Top of PROVIDED ENTRIES

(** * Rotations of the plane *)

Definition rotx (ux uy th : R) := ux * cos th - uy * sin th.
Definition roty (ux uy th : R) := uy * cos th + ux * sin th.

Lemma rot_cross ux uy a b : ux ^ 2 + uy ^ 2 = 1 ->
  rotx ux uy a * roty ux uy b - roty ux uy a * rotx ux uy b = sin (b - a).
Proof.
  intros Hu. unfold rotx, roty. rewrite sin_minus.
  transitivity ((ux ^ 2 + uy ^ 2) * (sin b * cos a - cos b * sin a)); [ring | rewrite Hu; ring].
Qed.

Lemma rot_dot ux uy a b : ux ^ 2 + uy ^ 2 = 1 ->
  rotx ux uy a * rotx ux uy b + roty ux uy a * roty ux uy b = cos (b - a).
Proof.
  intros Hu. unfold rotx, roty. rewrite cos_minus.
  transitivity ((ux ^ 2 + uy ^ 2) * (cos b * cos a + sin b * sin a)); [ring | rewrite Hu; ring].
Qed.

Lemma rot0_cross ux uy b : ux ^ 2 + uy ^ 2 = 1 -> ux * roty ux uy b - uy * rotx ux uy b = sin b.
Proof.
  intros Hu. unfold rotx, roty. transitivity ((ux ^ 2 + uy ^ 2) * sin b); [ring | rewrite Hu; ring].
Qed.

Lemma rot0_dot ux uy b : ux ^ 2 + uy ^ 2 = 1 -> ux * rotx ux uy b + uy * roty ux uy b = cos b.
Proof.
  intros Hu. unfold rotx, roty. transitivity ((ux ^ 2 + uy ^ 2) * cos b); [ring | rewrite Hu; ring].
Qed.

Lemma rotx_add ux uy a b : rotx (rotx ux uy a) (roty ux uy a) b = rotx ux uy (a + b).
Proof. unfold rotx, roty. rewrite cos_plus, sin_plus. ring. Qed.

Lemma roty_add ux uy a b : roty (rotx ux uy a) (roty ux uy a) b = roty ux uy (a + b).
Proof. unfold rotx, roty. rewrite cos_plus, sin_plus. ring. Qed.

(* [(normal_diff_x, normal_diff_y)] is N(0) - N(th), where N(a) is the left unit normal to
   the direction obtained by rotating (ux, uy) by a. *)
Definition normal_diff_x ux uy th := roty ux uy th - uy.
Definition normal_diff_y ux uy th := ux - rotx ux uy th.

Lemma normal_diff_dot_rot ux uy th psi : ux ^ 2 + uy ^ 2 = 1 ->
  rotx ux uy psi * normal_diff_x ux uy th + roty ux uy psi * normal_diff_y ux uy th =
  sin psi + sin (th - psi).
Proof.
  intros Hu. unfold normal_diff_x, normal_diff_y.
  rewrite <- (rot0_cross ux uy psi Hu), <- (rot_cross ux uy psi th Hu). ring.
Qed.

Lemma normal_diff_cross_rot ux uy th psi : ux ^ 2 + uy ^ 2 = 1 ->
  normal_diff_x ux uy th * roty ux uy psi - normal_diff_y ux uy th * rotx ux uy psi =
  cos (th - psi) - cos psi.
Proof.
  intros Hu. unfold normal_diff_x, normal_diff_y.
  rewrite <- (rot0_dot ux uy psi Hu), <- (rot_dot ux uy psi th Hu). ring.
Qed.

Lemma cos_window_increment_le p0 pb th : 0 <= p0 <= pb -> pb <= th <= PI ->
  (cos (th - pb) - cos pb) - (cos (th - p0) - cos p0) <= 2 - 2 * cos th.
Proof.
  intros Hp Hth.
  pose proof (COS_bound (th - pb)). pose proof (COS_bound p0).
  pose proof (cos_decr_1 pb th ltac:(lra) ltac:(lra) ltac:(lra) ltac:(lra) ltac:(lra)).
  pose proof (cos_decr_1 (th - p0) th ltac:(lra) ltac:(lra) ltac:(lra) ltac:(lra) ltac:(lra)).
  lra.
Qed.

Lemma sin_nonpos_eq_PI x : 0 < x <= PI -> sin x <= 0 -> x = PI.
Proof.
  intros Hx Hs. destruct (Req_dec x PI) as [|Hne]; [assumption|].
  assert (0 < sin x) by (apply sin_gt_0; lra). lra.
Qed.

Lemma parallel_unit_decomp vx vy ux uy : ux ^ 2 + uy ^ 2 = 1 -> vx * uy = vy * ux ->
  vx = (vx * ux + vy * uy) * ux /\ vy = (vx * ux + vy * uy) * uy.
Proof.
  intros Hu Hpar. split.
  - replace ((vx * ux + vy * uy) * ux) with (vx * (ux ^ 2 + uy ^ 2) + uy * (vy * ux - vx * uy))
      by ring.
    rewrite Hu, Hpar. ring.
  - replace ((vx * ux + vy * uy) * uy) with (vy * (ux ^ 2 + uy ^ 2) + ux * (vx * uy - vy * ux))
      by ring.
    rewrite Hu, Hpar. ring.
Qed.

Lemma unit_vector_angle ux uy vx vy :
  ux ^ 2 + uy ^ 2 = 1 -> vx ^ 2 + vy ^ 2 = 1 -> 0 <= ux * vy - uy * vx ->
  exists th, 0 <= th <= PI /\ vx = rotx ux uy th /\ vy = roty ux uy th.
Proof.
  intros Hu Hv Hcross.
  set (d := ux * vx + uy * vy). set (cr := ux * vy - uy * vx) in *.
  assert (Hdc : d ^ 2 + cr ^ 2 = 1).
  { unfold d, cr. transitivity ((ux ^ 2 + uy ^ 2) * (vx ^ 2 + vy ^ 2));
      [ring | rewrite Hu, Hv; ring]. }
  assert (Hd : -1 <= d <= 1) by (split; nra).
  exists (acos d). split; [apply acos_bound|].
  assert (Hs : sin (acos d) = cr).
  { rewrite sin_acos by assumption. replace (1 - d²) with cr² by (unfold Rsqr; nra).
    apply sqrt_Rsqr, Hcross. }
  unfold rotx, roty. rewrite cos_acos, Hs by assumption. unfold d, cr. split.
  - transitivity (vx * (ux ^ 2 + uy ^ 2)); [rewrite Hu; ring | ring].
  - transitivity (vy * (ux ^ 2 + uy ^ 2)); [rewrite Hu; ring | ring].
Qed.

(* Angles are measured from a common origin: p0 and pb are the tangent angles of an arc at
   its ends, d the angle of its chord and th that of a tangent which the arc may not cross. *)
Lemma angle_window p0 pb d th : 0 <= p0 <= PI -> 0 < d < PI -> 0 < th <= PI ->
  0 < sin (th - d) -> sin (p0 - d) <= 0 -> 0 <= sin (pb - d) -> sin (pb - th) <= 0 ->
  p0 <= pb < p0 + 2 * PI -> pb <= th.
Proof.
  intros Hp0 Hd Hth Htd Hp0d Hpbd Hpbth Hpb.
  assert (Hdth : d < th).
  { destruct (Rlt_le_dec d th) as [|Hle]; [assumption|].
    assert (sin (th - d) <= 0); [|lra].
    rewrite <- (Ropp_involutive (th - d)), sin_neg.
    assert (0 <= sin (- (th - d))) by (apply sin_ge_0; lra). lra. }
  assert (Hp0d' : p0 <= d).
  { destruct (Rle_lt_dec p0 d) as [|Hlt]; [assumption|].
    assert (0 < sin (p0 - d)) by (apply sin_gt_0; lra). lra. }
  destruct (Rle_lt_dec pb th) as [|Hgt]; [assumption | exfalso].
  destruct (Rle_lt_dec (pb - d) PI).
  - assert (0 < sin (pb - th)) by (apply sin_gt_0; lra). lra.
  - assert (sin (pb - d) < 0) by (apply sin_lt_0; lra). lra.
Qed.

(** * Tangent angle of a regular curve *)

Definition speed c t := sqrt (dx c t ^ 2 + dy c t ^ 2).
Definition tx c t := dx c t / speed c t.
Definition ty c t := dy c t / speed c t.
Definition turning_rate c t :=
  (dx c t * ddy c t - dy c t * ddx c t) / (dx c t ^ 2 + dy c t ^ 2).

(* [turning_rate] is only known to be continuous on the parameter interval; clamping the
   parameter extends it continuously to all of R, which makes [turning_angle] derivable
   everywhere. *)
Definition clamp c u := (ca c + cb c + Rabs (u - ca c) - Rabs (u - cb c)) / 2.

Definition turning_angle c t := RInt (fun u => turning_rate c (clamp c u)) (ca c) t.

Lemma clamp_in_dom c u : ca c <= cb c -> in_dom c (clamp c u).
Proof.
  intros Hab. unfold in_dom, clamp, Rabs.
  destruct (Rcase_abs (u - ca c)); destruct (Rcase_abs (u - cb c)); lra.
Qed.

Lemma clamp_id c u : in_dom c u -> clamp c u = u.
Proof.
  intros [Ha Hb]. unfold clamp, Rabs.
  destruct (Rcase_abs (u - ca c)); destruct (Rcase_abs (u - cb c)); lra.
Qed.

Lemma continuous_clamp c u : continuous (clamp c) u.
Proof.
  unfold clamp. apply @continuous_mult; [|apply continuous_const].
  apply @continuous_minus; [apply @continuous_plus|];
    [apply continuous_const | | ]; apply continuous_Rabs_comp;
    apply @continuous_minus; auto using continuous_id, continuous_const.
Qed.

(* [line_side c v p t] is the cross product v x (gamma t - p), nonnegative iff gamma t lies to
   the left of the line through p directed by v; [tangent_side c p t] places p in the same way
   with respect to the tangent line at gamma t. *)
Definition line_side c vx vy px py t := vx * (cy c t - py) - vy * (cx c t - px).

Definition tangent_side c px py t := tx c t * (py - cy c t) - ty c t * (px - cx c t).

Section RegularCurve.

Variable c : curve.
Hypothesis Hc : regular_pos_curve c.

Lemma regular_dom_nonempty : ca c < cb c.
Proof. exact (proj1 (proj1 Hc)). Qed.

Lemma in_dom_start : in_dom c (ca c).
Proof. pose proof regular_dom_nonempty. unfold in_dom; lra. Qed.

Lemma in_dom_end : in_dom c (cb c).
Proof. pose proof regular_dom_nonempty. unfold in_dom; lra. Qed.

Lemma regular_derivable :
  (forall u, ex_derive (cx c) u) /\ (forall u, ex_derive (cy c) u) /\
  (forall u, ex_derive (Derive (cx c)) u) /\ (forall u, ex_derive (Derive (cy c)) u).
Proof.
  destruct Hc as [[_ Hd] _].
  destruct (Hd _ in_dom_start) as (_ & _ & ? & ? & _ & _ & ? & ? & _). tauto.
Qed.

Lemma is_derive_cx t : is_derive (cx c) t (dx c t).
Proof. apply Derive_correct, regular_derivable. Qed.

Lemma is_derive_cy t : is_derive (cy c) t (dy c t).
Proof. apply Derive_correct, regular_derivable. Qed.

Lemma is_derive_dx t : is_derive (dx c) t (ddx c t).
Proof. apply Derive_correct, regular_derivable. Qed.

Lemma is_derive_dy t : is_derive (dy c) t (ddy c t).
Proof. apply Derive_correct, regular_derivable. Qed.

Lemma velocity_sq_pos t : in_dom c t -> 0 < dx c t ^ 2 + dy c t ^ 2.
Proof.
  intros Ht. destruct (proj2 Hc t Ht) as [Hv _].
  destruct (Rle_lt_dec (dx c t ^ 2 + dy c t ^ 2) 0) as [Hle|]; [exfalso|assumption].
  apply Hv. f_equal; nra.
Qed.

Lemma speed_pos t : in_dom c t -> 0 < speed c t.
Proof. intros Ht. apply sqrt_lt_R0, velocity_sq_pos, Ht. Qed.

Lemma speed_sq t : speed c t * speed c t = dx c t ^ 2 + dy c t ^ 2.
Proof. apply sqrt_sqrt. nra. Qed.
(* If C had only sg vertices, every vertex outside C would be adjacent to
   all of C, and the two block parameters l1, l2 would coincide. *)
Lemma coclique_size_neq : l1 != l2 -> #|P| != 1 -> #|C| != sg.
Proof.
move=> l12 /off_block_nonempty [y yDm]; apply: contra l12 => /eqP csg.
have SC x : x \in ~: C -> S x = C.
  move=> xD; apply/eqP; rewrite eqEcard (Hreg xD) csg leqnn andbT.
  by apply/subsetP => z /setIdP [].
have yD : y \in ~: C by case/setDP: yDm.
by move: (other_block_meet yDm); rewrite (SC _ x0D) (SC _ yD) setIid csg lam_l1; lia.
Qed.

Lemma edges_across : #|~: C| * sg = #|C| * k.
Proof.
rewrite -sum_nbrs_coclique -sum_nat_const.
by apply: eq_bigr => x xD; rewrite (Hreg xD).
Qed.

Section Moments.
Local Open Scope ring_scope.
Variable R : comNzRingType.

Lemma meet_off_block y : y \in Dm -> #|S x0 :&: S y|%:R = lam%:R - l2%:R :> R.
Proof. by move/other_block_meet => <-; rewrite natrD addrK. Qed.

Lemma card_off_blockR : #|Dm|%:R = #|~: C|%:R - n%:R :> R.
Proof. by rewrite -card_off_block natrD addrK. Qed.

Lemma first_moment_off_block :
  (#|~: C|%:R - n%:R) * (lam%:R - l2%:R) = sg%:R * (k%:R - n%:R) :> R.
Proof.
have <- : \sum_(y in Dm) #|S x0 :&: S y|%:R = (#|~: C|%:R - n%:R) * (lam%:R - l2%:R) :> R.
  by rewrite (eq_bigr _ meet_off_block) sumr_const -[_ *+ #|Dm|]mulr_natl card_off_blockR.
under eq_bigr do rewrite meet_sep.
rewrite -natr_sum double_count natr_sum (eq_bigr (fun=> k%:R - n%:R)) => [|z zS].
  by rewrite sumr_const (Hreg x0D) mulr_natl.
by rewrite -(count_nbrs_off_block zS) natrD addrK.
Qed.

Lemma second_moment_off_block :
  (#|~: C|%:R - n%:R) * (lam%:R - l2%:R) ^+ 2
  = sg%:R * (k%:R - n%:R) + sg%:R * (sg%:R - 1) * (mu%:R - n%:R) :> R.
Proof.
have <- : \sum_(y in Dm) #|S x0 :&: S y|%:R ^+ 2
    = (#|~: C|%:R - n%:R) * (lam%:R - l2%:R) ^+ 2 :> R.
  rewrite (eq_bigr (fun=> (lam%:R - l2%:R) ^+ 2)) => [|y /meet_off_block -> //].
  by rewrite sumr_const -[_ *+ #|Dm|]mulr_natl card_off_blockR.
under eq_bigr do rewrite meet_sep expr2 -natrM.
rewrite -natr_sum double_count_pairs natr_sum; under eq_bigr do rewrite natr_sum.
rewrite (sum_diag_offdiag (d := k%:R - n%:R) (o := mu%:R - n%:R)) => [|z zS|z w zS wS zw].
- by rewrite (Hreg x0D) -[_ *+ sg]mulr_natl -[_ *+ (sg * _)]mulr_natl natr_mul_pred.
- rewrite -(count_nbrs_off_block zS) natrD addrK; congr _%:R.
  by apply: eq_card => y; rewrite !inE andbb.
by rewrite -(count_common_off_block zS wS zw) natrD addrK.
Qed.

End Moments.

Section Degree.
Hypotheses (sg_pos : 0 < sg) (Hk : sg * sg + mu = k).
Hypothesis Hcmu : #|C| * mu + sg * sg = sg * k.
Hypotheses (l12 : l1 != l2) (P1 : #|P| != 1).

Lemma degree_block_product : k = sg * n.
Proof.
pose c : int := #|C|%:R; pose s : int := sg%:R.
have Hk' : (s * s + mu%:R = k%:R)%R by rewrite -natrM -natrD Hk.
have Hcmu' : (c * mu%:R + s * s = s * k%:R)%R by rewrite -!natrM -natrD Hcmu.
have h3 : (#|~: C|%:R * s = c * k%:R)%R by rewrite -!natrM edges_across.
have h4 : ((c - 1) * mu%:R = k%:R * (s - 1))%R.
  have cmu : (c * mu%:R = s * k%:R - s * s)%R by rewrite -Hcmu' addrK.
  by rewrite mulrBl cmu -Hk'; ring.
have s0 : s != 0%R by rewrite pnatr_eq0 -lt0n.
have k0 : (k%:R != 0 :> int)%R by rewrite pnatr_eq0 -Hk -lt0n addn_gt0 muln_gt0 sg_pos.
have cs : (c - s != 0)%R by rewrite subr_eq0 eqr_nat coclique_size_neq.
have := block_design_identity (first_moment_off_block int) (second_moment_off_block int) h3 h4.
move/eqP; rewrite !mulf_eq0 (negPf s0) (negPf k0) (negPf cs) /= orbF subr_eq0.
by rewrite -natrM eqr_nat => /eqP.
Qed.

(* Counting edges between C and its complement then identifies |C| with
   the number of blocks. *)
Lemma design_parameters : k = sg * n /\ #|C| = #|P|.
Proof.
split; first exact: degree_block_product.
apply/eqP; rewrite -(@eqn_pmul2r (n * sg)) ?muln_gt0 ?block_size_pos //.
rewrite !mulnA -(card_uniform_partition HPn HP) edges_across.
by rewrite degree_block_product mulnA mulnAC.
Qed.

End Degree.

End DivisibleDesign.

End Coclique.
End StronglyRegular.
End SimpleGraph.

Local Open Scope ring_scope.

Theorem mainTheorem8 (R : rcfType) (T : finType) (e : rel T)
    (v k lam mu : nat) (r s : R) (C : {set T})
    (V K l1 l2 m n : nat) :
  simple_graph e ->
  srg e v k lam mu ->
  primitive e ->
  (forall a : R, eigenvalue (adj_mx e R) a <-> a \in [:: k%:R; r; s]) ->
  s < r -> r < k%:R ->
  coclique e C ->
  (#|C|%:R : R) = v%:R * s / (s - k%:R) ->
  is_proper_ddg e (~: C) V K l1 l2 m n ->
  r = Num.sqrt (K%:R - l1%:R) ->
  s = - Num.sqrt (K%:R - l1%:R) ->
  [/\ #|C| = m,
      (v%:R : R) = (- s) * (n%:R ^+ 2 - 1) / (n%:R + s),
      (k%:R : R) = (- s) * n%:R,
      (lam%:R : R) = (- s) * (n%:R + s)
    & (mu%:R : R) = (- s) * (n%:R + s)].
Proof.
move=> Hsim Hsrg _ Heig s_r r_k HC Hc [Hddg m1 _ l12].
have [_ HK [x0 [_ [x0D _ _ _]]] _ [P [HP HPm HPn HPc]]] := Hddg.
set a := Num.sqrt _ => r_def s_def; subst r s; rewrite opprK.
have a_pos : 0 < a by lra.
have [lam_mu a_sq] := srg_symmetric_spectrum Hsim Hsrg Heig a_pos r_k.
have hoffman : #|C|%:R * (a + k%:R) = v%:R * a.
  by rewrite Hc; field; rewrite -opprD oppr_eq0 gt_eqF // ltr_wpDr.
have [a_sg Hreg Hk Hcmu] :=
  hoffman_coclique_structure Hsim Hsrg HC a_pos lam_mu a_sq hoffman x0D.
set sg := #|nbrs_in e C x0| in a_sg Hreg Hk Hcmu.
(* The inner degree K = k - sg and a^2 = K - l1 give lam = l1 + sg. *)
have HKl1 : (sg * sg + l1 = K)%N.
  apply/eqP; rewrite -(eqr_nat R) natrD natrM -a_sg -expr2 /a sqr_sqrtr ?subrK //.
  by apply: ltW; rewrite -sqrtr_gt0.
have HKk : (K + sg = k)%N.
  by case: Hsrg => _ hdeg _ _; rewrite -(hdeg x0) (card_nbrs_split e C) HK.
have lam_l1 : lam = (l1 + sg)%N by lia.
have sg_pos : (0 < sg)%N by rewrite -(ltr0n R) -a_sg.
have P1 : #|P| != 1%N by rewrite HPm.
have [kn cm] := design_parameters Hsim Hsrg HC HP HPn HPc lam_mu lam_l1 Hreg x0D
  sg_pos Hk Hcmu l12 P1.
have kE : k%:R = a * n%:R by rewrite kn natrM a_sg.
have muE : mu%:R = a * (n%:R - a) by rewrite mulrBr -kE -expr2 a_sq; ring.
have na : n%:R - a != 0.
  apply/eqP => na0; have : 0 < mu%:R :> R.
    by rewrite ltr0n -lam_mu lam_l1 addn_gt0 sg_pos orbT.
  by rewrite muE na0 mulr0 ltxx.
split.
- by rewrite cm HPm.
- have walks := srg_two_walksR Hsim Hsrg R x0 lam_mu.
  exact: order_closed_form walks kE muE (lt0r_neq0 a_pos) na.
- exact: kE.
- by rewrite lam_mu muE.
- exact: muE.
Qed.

Bottom of PROVIDED ENTRIES

• EXERCISE: Which lines in the data above contain "Hypothesis"? Show each one.

• RESULT OF THIS TASK:
Hypothesis Hc : regular_pos_curve c.
Hypothesis Hcmu : #|C| * mu + sg * sg = sg * k.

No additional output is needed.